##### Dataset entries #####
Lemma lagrange_polyhedron (R : realType) (m l : nat)
    (a : 'I_l -> 'cV[R]_m) (d : 'I_l -> R) (Q : 'cV[R]_m -> R) (S : R) :
  (forall k, 0 < d k) -> concave Q -> (forall xi, Xi a d xi -> Q xi <= S) ->
  exists nu : 'I_l -> R, (forall k, 0 <= nu k) /\
    forall xi, Q xi + \sum_k nu k * (d k - dotv (a k) xi) <= S.
Proof.
elim: l a d Q S => [|l IH] a d Q S d_gt0 concQ QleS.
  by exists (fun=> 0); split=> // xi; rewrite big_ord0 addr0; apply: QleS; case.
pose a' i := a (lift ord0 i); pose d' i := d (lift ord0 i).
have [mu [mu_ge0 mu_bound]] : exists mu, 0 <= mu /\ forall xi, Xi a' d' xi ->
    Q xi + mu * (d ord0 - dotv (a ord0) xi) <= S.
  apply: lagrange_halfspace => //.
  - exact/Xi0/(fun k => ltW (d_gt0 _)).
  - exact: Xi_convex.
  - move=> xi Xi'xi xi_in; apply: QleS => k.
    by case: (unliftP ord0 k) => [j ->|->] //; apply: Xi'xi.
have concQ' := concave_addr_affine (mu *: a ord0) (mu * d ord0) concQ.
have [|nu' [nu'_ge0 nu'_bound]] := IH a' d' _ S (fun k => d_gt0 _) concQ'.
  by move=> xi /mu_bound; rewrite dotvZl mulrBr.
exists (fun k => oapp nu' mu (unlift ord0 k)); split.
  by move=> k; case: unlift.
move=> xi; rewrite big_ord_recl unlift_none /=.
under eq_bigr do rewrite liftK /=.
by have := nu'_bound xi; rewrite dotvZl; lra.
Qed.

Section BlockMatrix.
Variables (R : realType) (m : nat).
Implicit Types (A : 'M[R]_m) (w y : 'cV[R]_m) (s c : R).

Lemma blockM_sym A w s : A^T = A -> (blockM A w s)^T = blockM A w s.
Proof.
by move=> symA; rewrite /blockM tr_block_mx symA !linearZ /= trmxK tr_scalar_mx.
Qed.

Lemma blockM_qform A w s y c :
  ((col_mx y c%:M)^T *m blockM A w s *m col_mx y c%:M) 0 0
    = qform A y y - c * dotv w y + s * c ^+ 2.
Proof.
rewrite /blockM tr_col_mx tr_scalar_mx mul_row_block mul_row_col.
rewrite !mulmxDl !mul_scalar_mx !mul_mx_scalar -!scalemxAl -!scalemxAr.
have entryE (u : 'rV[R]_m) (v : 'cV[R]_m) : (u *m v) 0 0 = \sum_j u 0 j * v j 0.
  by rewrite mxE.
rewrite !mxE -!entryE -/(qform A y y) -/(dotv w y) -/(dotv y w) dotvC eqxx mulr1n.
by field.
Qed.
#####
## What is expected:
Copy the stretch of the records above that runs from the line with "exists nu : 'I_l" through the line with "((col_mx y c%:M)^T". Both end lines belong in the copy, and nothing else does.

## Task result:
  exists nu : 'I_l -> R, (forall k, 0 <= nu k) /\
    forall xi, Q xi + \sum_k nu k * (d k - dotv (a k) xi) <= S.
Proof.
elim: l a d Q S => [|l IH] a d Q S d_gt0 concQ QleS.
  by exists (fun=> 0); split=> // xi; rewrite big_ord0 addr0; apply: QleS; case.
pose a' i := a (lift ord0 i); pose d' i := d (lift ord0 i).
have [mu [mu_ge0 mu_bound]] : exists mu, 0 <= mu /\ forall xi, Xi a' d' xi ->
    Q xi + mu * (d ord0 - dotv (a ord0) xi) <= S.
  apply: lagrange_halfspace => //.
  - exact/Xi0/(fun k => ltW (d_gt0 _)).
  - exact: Xi_convex.
  - move=> xi Xi'xi xi_in; apply: QleS => k.
    by case: (unliftP ord0 k) => [j ->|->] //; apply: Xi'xi.
have concQ' := concave_addr_affine (mu *: a ord0) (mu * d ord0) concQ.
have [|nu' [nu'_ge0 nu'_bound]] := IH a' d' _ S (fun k => d_gt0 _) concQ'.
  by move=> xi /mu_bound; rewrite dotvZl mulrBr.
exists (fun k => oapp nu' mu (unlift ord0 k)); split.
  by move=> k; case: unlift.
move=> xi; rewrite big_ord_recl unlift_none /=.
under eq_bigr do rewrite liftK /=.
by have := nu'_bound xi; rewrite dotvZl; lra.
Qed.

Section BlockMatrix.
Variables (R : realType) (m : nat).
Implicit Types (A : 'M[R]_m) (w y : 'cV[R]_m) (s c : R).

Lemma blockM_sym A w s : A^T = A -> (blockM A w s)^T = blockM A w s.
Proof.
by move=> symA; rewrite /blockM tr_block_mx symA !linearZ /= trmxK tr_scalar_mx.
Qed.

Lemma blockM_qform A w s y c :
  ((col_mx y c%:M)^T *m blockM A w s *m col_mx y c%:M) 0 0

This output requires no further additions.